[Records shown Boundary: Start]
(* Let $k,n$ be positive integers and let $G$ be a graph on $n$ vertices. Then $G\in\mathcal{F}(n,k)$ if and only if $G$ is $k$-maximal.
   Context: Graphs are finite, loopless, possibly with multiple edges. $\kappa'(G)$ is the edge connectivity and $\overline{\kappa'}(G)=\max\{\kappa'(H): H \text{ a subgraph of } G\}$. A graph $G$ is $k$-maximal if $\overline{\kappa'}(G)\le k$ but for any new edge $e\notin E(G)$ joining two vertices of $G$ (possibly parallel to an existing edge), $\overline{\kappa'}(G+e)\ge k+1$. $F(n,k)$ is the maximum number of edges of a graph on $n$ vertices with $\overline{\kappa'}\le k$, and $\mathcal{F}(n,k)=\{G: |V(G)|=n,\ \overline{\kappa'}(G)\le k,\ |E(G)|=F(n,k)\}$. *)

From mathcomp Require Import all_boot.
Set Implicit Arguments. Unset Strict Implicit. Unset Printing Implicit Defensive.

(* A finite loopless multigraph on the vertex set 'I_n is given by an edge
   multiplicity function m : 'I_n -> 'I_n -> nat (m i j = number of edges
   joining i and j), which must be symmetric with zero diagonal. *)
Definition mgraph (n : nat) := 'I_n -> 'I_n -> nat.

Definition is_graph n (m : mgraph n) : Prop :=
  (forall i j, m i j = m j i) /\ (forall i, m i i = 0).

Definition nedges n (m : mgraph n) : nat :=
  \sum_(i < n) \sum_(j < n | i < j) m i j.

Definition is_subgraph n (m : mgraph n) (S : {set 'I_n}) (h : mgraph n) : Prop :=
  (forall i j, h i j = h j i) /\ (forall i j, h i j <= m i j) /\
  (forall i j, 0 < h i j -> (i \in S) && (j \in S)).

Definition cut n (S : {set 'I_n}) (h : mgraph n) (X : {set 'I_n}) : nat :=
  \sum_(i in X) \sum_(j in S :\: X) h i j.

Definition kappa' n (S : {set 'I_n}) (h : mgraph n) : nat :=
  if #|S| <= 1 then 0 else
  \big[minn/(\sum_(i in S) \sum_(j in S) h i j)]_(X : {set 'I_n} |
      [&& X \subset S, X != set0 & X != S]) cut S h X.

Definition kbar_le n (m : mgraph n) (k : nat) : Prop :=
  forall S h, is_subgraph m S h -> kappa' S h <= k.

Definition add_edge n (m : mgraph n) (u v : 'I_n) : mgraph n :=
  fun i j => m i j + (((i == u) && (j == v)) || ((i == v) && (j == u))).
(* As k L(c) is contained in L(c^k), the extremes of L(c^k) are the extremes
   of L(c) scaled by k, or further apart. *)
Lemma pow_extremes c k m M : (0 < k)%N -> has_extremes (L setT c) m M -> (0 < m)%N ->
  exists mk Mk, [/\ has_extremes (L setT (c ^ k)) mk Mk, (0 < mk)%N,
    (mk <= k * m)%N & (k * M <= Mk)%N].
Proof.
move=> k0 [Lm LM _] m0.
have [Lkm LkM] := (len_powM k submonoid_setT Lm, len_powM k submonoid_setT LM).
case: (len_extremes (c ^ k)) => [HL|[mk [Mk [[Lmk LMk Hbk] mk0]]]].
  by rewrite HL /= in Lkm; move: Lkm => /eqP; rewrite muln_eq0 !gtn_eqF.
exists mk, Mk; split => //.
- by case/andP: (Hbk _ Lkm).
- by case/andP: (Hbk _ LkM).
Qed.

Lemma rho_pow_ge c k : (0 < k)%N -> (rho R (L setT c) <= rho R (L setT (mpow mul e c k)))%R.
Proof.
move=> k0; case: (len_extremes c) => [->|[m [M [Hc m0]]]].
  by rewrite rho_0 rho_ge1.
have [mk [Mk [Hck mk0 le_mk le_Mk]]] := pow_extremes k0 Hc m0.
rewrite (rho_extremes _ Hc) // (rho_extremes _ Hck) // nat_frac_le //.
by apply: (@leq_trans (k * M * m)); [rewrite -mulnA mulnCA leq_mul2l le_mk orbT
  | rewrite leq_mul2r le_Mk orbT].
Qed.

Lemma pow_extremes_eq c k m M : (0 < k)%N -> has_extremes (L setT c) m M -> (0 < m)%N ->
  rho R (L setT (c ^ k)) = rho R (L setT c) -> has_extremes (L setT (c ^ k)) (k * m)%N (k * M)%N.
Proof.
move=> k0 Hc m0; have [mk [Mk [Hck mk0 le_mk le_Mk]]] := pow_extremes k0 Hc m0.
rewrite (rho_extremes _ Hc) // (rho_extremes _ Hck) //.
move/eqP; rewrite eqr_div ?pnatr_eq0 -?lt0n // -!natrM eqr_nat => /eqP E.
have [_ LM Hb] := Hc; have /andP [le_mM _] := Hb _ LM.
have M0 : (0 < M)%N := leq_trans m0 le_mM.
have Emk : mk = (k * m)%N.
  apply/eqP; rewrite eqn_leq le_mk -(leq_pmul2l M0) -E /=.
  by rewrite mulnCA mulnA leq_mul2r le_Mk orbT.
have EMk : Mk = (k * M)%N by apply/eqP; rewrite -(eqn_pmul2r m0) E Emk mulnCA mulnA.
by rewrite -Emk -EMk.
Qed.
[Records shown Boundary: End]
What the exercise asks: Each line above that includes the word "Definition" is to be copied.

Solution to the problem:
Definition mgraph (n : nat) := 'I_n -> 'I_n -> nat.
Definition is_graph n (m : mgraph n) : Prop :=
Definition nedges n (m : mgraph n) : nat :=
Definition is_subgraph n (m : mgraph n) (S : {set 'I_n}) (h : mgraph n) : Prop :=
Definition cut n (S : {set 'I_n}) (h : mgraph n) (X : {set 'I_n}) : nat :=
Definition kappa' n (S : {set 'I_n}) (h : mgraph n) : nat :=
Definition kbar_le n (m : mgraph n) (k : nat) : Prop :=
Definition add_edge n (m : mgraph n) (u v : 'I_n) : mgraph n :=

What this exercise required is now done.